At acute phase, we observed enriched KEGG pathways including oxidative phosphorylation compared to sham control. At subacute phase, there was cytokine–cytokine receptor interaction, chemokine signaling pathway, and antigen processing and presentation compared to sham control. Compared to acute phase, enriched KEGG pathways such as antigen processing and presentation, mitogen-activated protein kinase (MAPK) signaling pathway, and cytokine–cytokine receptor interaction were altered in subacute phase.
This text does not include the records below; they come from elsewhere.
(* For each $k$ (indices mod $8g-4$), the arc length of $T_k([P_{k+2},Q_{k+2}])$ is less than half the arc length of $[P_{\sigma(k)},Q_{\sigma(k)}]$, and the arc length of $T_k([P_{k-1},Q_{k-1}])$ is less than half the arc length of $[P_{\sigma(k)+1},Q_{\sigma(k)+1}]$.
   Context: Setting. Fix $g\ge 2$; indices are mod $8g-4$. Let $\mathcal F$ be the regular hyperbolic $(8g-4)$-gon in the unit disk centered at $0$ with all interior angles $\pi/2$, sides labeled $1,\dots,8g-4$ counterclockwise, side $i$ joining vertices $V_i$ and $V_{i+1}$. The complete geodesic extending side $i$ goes from $P_i$ (beyond $V_i$) to $Q_{i+1}$ (beyond $V_{i+1}$) on the unit circle; counterclockwise order $P_1,Q_1,P_2,Q_2,\dots,P_{8g-4},Q_{8g-4}$. $\sigma(i)=4g-i$ ($i$ odd), $\sigma(i)=2-i$ ($i$ even). $T_i$ is the Möbius transformation mapping side $i$ onto side $\sigma(i)$, with isometric circle the geodesic $P_iQ_{i+1}$, mapped onto the geodesic $Q_{\sigma(i)+1}P_{\sigma(i)}$, inside to outside. Arcs $[A,B]$ are counterclockwise from $A$ to $B$. *)

From Stdlib Require Import Reals ZArith.
From Coquelicot Require Import Coquelicot.
Open Scope R_scope.

Definition Nsides (g : nat) : R := 8 * INR g - 4.

Definition cis (t : R) : C := (cos t, sin t).

(* the side pairing index map sigma (on all integers; it is compatible
   with reduction mod 8g-4 since 8g-4 is even) *)
Definition sig_idx (g : nat) (i : Z) : Z :=
  if Z.odd i then (4 * Z.of_nat g - i)%Z else (2 - i)%Z.

Definition dot (u v : C) : R := Re (Cmult u (Cconj v)).

(* counterclockwise arc length from A to B (A, B on the unit circle):
   the unique t in [0, 2 pi) with B = A e^{it} *)
Definition arclen (A B : C) : R :=
  let z := Cmult (Cconj A) B in
  if Rle_dec 0 (Im z) then acos (Re z) else 2 * PI - acos (Re z).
Each upregulated and downregulated genes was counted and summarized in Fig. 1C to E.

Validation of Transcriptome Data Using qRT-PCR and Western Blot

To validate the altered gene expression (fold change ≥ |1.5|), we performed qRT-PCR and Western blot at different phases. To support the reliability and accuracy of the RNA-seq expression results, we first performed qRT-PCR, and Western blot was conducted for further validation. Each validated DEGs involved in enriched KEGG pathways was summarized in Table 3.

Table 3.

Validated DEGs Involved in Enriched KEGG Pathways at Different Phases.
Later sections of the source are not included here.